Use some test images: Those in the 'test_images/whole' folder contain photos of the whole side of the packaging and those in 'test_images/partial' contain just the part we're interested, i.e. just ingredients or just nutrition etc. 

In [2]:
tests_whole = {}
for img in os.listdir('test_images/whole'):
    tests_whole[img.split('.')[0]] = os.path.join('test_images/whole', img)

tests_partial = {}
for img in os.listdir('test_images/partial'):
    tests_partial[img.split('.')[0]] = os.path.join('test_images/partial', img)

## Attempt 1: Google text detection API 
- Using this example: https://cloud.google.com/vision/docs/detecting-text#vision-text-detection-python
- Not very useful in this case as it simply spits out all the text. In the case of multiple columns or text boxes etc. it doesn't group the text correctly but reads it horizontally. Note that the same propblem happens with the document detection API, too (see below). 

In [3]:
def detect_text(path):
    """Detects text in the file."""
    from google.cloud import vision
    client = vision.ImageAnnotatorClient()
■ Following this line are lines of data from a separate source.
Lemma mpoly_wf_mul n P P' : mpoly_wf n P -> mpoly_wf n P' -> mpoly_wf n (mpoly_mul P P').
Proof.
  intros HP HP' m Hm. apply in_flat_map in Hm. destruct Hm as [m1 [H1 H2]].
  apply in_map_iff in H2. destruct H2 as [m2 [<- H3]]. apply exps_add_length; auto.
Qed.

Lemma mpoly_eval_mul P P' xs : mpoly_wf (length xs) P -> mpoly_wf (length xs) P' ->
  mpoly_eval (mpoly_mul P P') xs = Cmul (mpoly_eval P xs) (mpoly_eval P' xs).
Proof.
  intros HP HP'. induction P as [|m P IH].
  { unfold mpoly_mul; cbn [flat_map]. rewrite !mpoly_eval_nil. ring. }
  unfold mpoly_mul; cbn [flat_map]; fold (mpoly_mul P P').
  rewrite mpoly_eval_app, IH, mpoly_eval_cons by (intros m' Hm'; apply HP; simpl; auto).
  assert (Hm : length (snd m) = length xs) by (apply HP; simpl; auto).
  enough (E : mpoly_eval (map (fun m' => ((fst m * fst m')%Q, exps_add (snd m) (snd m'))) P') xs
              = Cmul (monomial_term m xs) (mpoly_eval P' xs)) by (rewrite E; ring).
  clear IH. induction P' as [|m' P' IHP']; cbn [map]; [rewrite !mpoly_eval_nil; ring|].
  rewrite !mpoly_eval_cons, IHP' by (intros m'' Hm''; apply HP'; simpl; auto).
  unfold monomial_term; cbn [fst snd].
  rewrite CofQ_mul, monomial_eval_exps_add by (auto; apply HP'; simpl; auto). ring.
Qed.

Definition mpoly_const (n : nat) (c : Q) : list monomial := (c, repeat 0%nat n) :: nil.

Lemma mpoly_eval_const n c xs : mpoly_eval (mpoly_const n c) xs = CofQ c.
Proof.
  unfold mpoly_const. rewrite mpoly_eval_cons, mpoly_eval_nil.
  unfold monomial_term; cbn [fst snd]. rewrite monomial_eval_zeros. ring.
Qed.

Lemma mpoly_wf_const n c : mpoly_wf n (mpoly_const n c).
Proof. intros m [<-|[]]. apply repeat_length. Qed.

Fixpoint exps_unit (n j : nat) : list nat :=
  match n, j with
  | O, _ => nil
  | S n', O => 1%nat :: repeat 0%nat n'
  | S n', S j' => 0%nat :: exps_unit n' j'
  end.

Lemma exps_unit_length n j : length (exps_unit n j) = n.
Proof. revert j; induction n; intros [|j]; simpl; auto using repeat_length. Qed.

Lemma monomial_eval_exps_unit n j xs : length xs = n ->
  monomial_eval (exps_unit n j) xs = nth j xs Cone.
Proof.
  revert j xs; induction n; intros j [|x xs] H; simpl in H; try discriminate.
  - destruct j; reflexivity.
  - destruct j; simpl exps_unit; rewrite monomial_eval_cons.
    + rewrite monomial_eval_zeros. simpl. ring.
    + rewrite IHn by lia. simpl. ring.
Qed.

Definition mpoly_var (n j : nat) : list monomial := (1%Q, exps_unit n j) :: nil.

Lemma mpoly_eval_var n j xs : length xs = n -> mpoly_eval (mpoly_var n j) xs = nth j xs Cone.
Proof.
  intro H. unfold mpoly_var. rewrite mpoly_eval_cons, mpoly_eval_nil.
  unfold monomial_term; cbn [fst snd]. rewrite monomial_eval_exps_unit, CofQ_1 by exact H. ring.
Qed.

Lemma mpoly_wf_var n j : mpoly_wf n (mpoly_var n j).
Proof. intros m [<-|[]]. apply exps_unit_length. Qed.

Fixpoint mpoly_pow (n : nat) (P : list monomial) (k : nat) : list monomial :=
  match k with O => mpoly_const n 1 | S k' => mpoly_mul P (mpoly_pow n P k') end.

Lemma mpoly_wf_pow n P k : mpoly_wf n P -> mpoly_wf n (mpoly_pow n P k).
Proof. intro H; induction k; simpl; auto using mpoly_wf_const, mpoly_wf_mul. Qed.

Lemma mpoly_eval_pow P k xs : mpoly_wf (length xs) P ->
  mpoly_eval (mpoly_pow (length xs) P k) xs = Cpow (mpoly_eval P xs) k.
Proof.
  intro H; induction k; simpl; [rewrite mpoly_eval_const; apply CofQ_1|].
  rewrite mpoly_eval_mul, IHk; auto using mpoly_wf_pow.
Qed.

Fixpoint mpoly_insert (m : monomial) (P : list monomial) : list monomial :=
  match P with
  | nil => m :: nil
  | m' :: P' =>
      if list_eq_dec Nat.eq_dec (snd m) (snd m') then ((fst m + fst m')%Q, snd m') :: P'
      else m' :: mpoly_insert m P'
  end.

Definition mpoly_collect (P : list monomial) : list monomial := fold_right mpoly_insert nil P.

Definition mpoly_drop_zeros (P : list monomial) : list monomial :=
  filter (fun m => negb (Qeq_bool (fst m) 0)) P.

Definition mpoly_normalize (P : list monomial) : list monomial :=
  mpoly_drop_zeros (mpoly_collect P).

Lemma mpoly_eval_insert m P xs :
  mpoly_eval (mpoly_insert m P) xs = Cadd (monomial_term m xs) (mpoly_eval P xs).
Proof.
  induction P as [|m' P IH]; simpl mpoly_insert; [reflexivity|].
  destruct (list_eq_dec Nat.eq_dec (snd m) (snd m')) as [E|E].
  - rewrite !mpoly_eval_cons. unfold monomial_term; cbn [fst snd]. rewrite CofQ_add, E. ring.
  - rewrite !mpoly_eval_cons, IH. ring.
Qed.

Lemma mpoly_eval_collect P xs : mpoly_eval (mpoly_collect P) xs = mpoly_eval P xs.
Proof.
  induction P; simpl mpoly_collect; [reflexivity|].
  rewrite mpoly_eval_insert, IHP. reflexivity.
Qed.

Lemma mpoly_eval_drop_zeros P xs : mpoly_eval (mpoly_drop_zeros P) xs = mpoly_eval P xs.
Proof.
  induction P as [|m P IH]; unfold mpoly_drop_zeros; simpl filter; [reflexivity|].
  fold (mpoly_drop_zeros P). destruct (Qeq_bool (fst m) 0) eqn:E; simpl negb; cbv iota.
  - rewrite IH, mpoly_eval_cons. unfold monomial_term.
    rewrite CofQ_eq0 by (apply Qeq_bool_iff; exact E). ring.
  - rewrite !mpoly_eval_cons, IH. reflexivity.
Qed.

Lemma mpoly_insert_exps e m P :
  In e (map snd (mpoly_insert m P)) -> e = snd m \/ In e (map snd P).
Proof.
  induction P as [|m' P IH]; simpl mpoly_insert.
  - intros [H|[]]. auto.
  - destruct (list_eq_dec Nat.eq_dec (snd m) (snd m')); simpl; intros [H|H]; auto.
    destruct (IH H); auto.
Qed.

Lemma mpoly_insert_nodup m P : NoDup (map snd P) -> NoDup (map snd (mpoly_insert m P)).
Proof.
  induction P as [|m' P IH]; simpl mpoly_insert; intro H.
  - repeat constructor. intros [].
  - destruct (list_eq_dec Nat.eq_dec (snd m) (snd m')); simpl in *; auto.
    inversion H; subst. constructor; auto.
    intro Hin. apply mpoly_insert_exps in Hin. destruct Hin; auto.
Qed.

Lemma mpoly_collect_nodup P : NoDup (map snd (mpoly_collect P)).
Proof. induction P; simpl; [constructor | apply mpoly_insert_nodup; auto]. Qed.

Lemma mpoly_drop_zeros_exps e P : In e (map snd (mpoly_drop_zeros P)) -> In e (map snd P).
Proof.
  intro H. apply in_map_iff in H. destruct H as [m [<- Hm]].
  apply filter_In in Hm. apply in_map. tauto.
Qed.

Lemma mpoly_drop_zeros_nodup P : NoDup (map snd P) -> NoDup (map snd (mpoly_drop_zeros P)).
Proof.
  induction P as [|m P IH]; intro H; unfold mpoly_drop_zeros; simpl; [constructor|].
  inversion H; subst. fold (mpoly_drop_zeros P).
  destruct (negb (Qeq_bool (fst m) 0)); simpl; auto.
  constructor; auto. intro Hin. apply mpoly_drop_zeros_exps in Hin. auto.
Qed.

Lemma mpoly_wf_insert n m P : length (snd m) = n -> mpoly_wf n P -> mpoly_wf n (mpoly_insert m P).
Proof.
  intros Hm; induction P as [|m' P IH]; intros HP; simpl mpoly_insert.
  - intros x [<-|[]]; auto.
  - assert (HP' : mpoly_wf n P) by (intros y Hy; apply HP; simpl; auto).
    destruct (list_eq_dec Nat.eq_dec (snd m) (snd m')); intros x [<-|Hx].
    + exact (HP m' (or_introl eq_refl)).
    + exact (HP' x Hx).
    + exact (HP m' (or_introl eq_refl)).
    + exact (IH HP' x Hx).
Qed.

Lemma mpoly_wf_collect n P : mpoly_wf n P -> mpoly_wf n (mpoly_collect P).
Proof.
  induction P; intros H; simpl; [intros x []|].
  apply mpoly_wf_insert; [apply H; simpl; auto|].
  apply IHP. intros y Hy; apply H; simpl; auto.
Qed.

Lemma not_alg_indep_of_vanishing ys P zs : mpoly_wf (length ys) P ->
  mpoly_eval P ys = Czero -> mpoly_eval P zs <> Czero -> ~ alg_indep ys.
Proof.
  intros HW H0 H1 HI. apply (HI (mpoly_normalize P)); [split; [|split]|].
  - intro E. apply H1.
    rewrite <- mpoly_eval_collect, <- mpoly_eval_drop_zeros. fold (mpoly_normalize P).
    rewrite E. reflexivity.
  - apply mpoly_drop_zeros_nodup, mpoly_collect_nodup.
  - intros m Hm. apply filter_In in Hm. destruct Hm as [Hm Hq]. split.
    + intro E. apply Qeq_bool_iff in E. rewrite E in Hq. discriminate.
    + exact (mpoly_wf_collect _ _ HW _ Hm).
  - unfold mpoly_normalize. rewrite mpoly_eval_drop_zeros, mpoly_eval_collect. exact H0.
Qed.

Fixpoint mpoly_homog (n : nat) (p : list Q) (F G : list monomial) : list monomial :=
  match p with
  | nil => nil
  | c :: p' =>
      mpoly_mul (mpoly_const n c) (mpoly_pow n G (length p')) ++ mpoly_mul F (mpoly_homog n p' F G)
  end.

Fixpoint homog_eval (p : list Q) (f g : Cplx) : Cplx :=
  match p with
  | nil => Czero
  | c :: p' => Cadd (Cmul (CofQ c) (Cpow g (length p'))) (Cmul f (homog_eval p' f g))
  end.

Lemma mpoly_wf_homog n p F G : mpoly_wf n F -> mpoly_wf n G -> mpoly_wf n (mpoly_homog n p F G).
Proof.
  intros HF HG; induction p; cbn [mpoly_homog]; [intros x []|].
  auto using mpoly_wf_app, mpoly_wf_mul, mpoly_wf_const, mpoly_wf_pow.
Qed.

Lemma mpoly_eval_homog p F G xs : mpoly_wf (length xs) F -> mpoly_wf (length xs) G ->
  mpoly_eval (mpoly_homog (length xs) p F G) xs = homog_eval p (mpoly_eval F xs) (mpoly_eval G xs).
Proof.
  intros HF HG; induction p; cbn [mpoly_homog homog_eval]; [reflexivity|].
  rewrite mpoly_eval_app, !mpoly_eval_mul, mpoly_eval_const, mpoly_eval_pow, IHp;
    auto using mpoly_wf_homog, mpoly_wf_const, mpoly_wf_pow.
Qed.

Lemma homog_eval_mul p k g :
  homog_eval p (Cmul k g) g = Cmul (Cpow g (pred (length p))) (poly_eval p k).
Proof.
  induction p as [|c p IH]; [simpl; ring|].
  cbn [homog_eval]. destruct p as [|c' p']; [simpl; ring|].
  rewrite IH. simpl length. cbn [pred poly_eval Cpow]. ring.
Qed.

(** If [F = k G] at [ys] with [k] a root of [p], then the homogenisation of [p] at [(F, G)]
    vanishes at [ys]; it is nonzero because [(F, G)] takes the value [(t, 1)] for every [t]. *)
Lemma not_alg_indep_of_algebraic_ratio ys k F G :
  is_algebraic k -> mpoly_wf (length ys) F -> mpoly_wf (length ys) G ->
  mpoly_eval F ys = Cmul k (mpoly_eval G ys) ->
  (forall t, exists zs, length zs = length ys /\ mpoly_eval F zs = t /\ mpoly_eval G zs = Cone) ->
  ~ alg_indep ys.
Proof.
  intros [p [Hp Hpk]] HF HG HFG Hz.
  destruct (exists_not_root p Hp) as [t Ht].
  destruct (Hz t) as [zs [Hl [HFz HGz]]].
  apply (not_alg_indep_of_vanishing ys (mpoly_homog (length ys) p F G) zs).
  - apply mpoly_wf_homog; auto.
  - rewrite mpoly_eval_homog, HFG, homog_eval_mul, Hpk by auto. ring.
  - rewrite <- Hl, mpoly_eval_homog, HFz, HGz by (rewrite Hl; auto).
    replace t with (Cmul t Cone) at 1 by ring.
    rewrite homog_eval_mul, Cpow_one. intro E. apply Ht. rewrite <- E. ring.
Qed.

Fixpoint mpoly_vars_prod (n : nat) (is : list nat) : list monomial :=
  match is with
  | nil => mpoly_const n 1
  | i :: is' => mpoly_mul (mpoly_var n i) (mpoly_vars_prod n is')
  end.

Definition entries_prod (is : list nat) (xs : list Cplx) : Cplx :=
  fold_right (fun i acc => Cmul (nth i xs Cone) acc) Cone is.

Lemma mpoly_wf_vars_prod n is : mpoly_wf n (mpoly_vars_prod n is).
Proof.
  induction is; cbn [mpoly_vars_prod]; auto using mpoly_wf_const, mpoly_wf_mul, mpoly_wf_var.
Qed.

Lemma mpoly_eval_vars_prod is xs :
  mpoly_eval (mpoly_vars_prod (length xs) is) xs = entries_prod is xs.
Proof.
  induction is as [|i is IH]; cbn [mpoly_vars_prod entries_prod fold_right].
  - rewrite mpoly_eval_const. apply CofQ_1.
  - rewrite mpoly_eval_mul, mpoly_eval_var, IH; auto using mpoly_wf_var, mpoly_wf_vars_prod.
Qed.

Fixpoint unit_point (n j : nat) (t : Cplx) : list Cplx :=
  match n, j with
  | O, _ => nil
  | S n', O => t :: repeat Cone n'
  | S n', S j' => Cone :: unit_point n' j' t
  end.

Lemma unit_point_length n j t : length (unit_point n j t) = n.
Proof. revert j; induction n; intros [|j]; simpl; auto. rewrite repeat_length; auto. Qed.

Lemma unit_point_nth n j t i : (j < n)%nat ->
  nth i (unit_point n j t) Cone = if Nat.eqb i j then t else Cone.
Proof.
  revert j i; induction n; intros j i H; [lia|].
  destruct j as [|j], i as [|i]; simpl; auto using nth_repeat with arith.
Qed.

Lemma entries_prod_unit_point is n j t : (j < n)%nat -> ~ In j is ->
  entries_prod is (unit_point n j t) = Cone.
Proof.
  intros Hj. induction is as [|i is IH]; simpl; intros Hin; [reflexivity|].
  rewrite unit_point_nth, IH by auto.
  destruct (Nat.eqb_spec i j); [exfalso; auto | ring].
Qed.

(** [y_j] must not occur in the products: nontriviality is witnessed at the point with
    [t - r] in position [j] and [1] elsewhere. *)
Lemma not_alg_indep_shifted_ratio ys j r k is is' :
  (j < length ys)%nat -> ~ In j (is ++ is') -> is_algebraic k ->
  Cmul (Cadd (nth j ys Cone) (CofQ r)) (entries_prod is ys) = Cmul k (entries_prod is' ys) ->
  ~ alg_indep ys.
Proof.
  intros Hj Hnotin Hk E. set (n := length ys).
  assert (Hwf : mpoly_wf n (mpoly_var n j ++ mpoly_const n r))
    by (apply mpoly_wf_app; [apply mpoly_wf_var | apply mpoly_wf_const]).
  apply (not_alg_indep_of_algebraic_ratio ys k
           (mpoly_mul (mpoly_var n j ++ mpoly_const n r) (mpoly_vars_prod n is))
           (mpoly_vars_prod n is')); auto using mpoly_wf_mul, mpoly_wf_vars_prod.
  - unfold n. rewrite mpoly_eval_mul, mpoly_eval_app, mpoly_eval_var, mpoly_eval_const,
      !mpoly_eval_vars_prod; auto using mpoly_wf_vars_prod.
  - intro t. set (zs := unit_point n j (Cadd t (CofQ (- r)))).
    assert (Hzs : length zs = n) by apply unit_point_length.
    exists zs. split; [exact Hzs|]. rewrite <- Hzs.
    rewrite mpoly_eval_mul, mpoly_eval_app, mpoly_eval_var, mpoly_eval_const,
      !mpoly_eval_vars_prod by (rewrite Hzs; auto using mpoly_wf_vars_prod).
    unfold zs. rewrite unit_point_nth, Nat.eqb_refl, !entries_prod_unit_point, CofQ_opp
      by (auto; intro; apply Hnotin, in_or_app; auto).
    split; ring.
Qed.

Lemma Ceq_of_linear_combination c X Y Z W :
  Z = W -> Csub X Y = Cmul c (Csub Z W) -> X = Y.
Proof.
  intros E H. rewrite E in H. replace X with (Cadd (Csub X Y) Y) by ring. rewrite H. ring.
Qed.

Ltac linear_combination E c :=
  apply (Ceq_of_linear_combination c _ _ _ _ E); field; auto.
    with io.open(path, 'rb') as image_file:
        content = image_file.read()

    image = vision.types.Image(content=content)

    response = client.text_detection(image=image)
    texts = response.text_annotations
    print('Texts:')

    for text in texts:
        print('\n"{}"'.format(text.description))

        vertices = (['({},{})'.format(vertex.x, vertex.y)
                    for vertex in text.bounding_poly.vertices])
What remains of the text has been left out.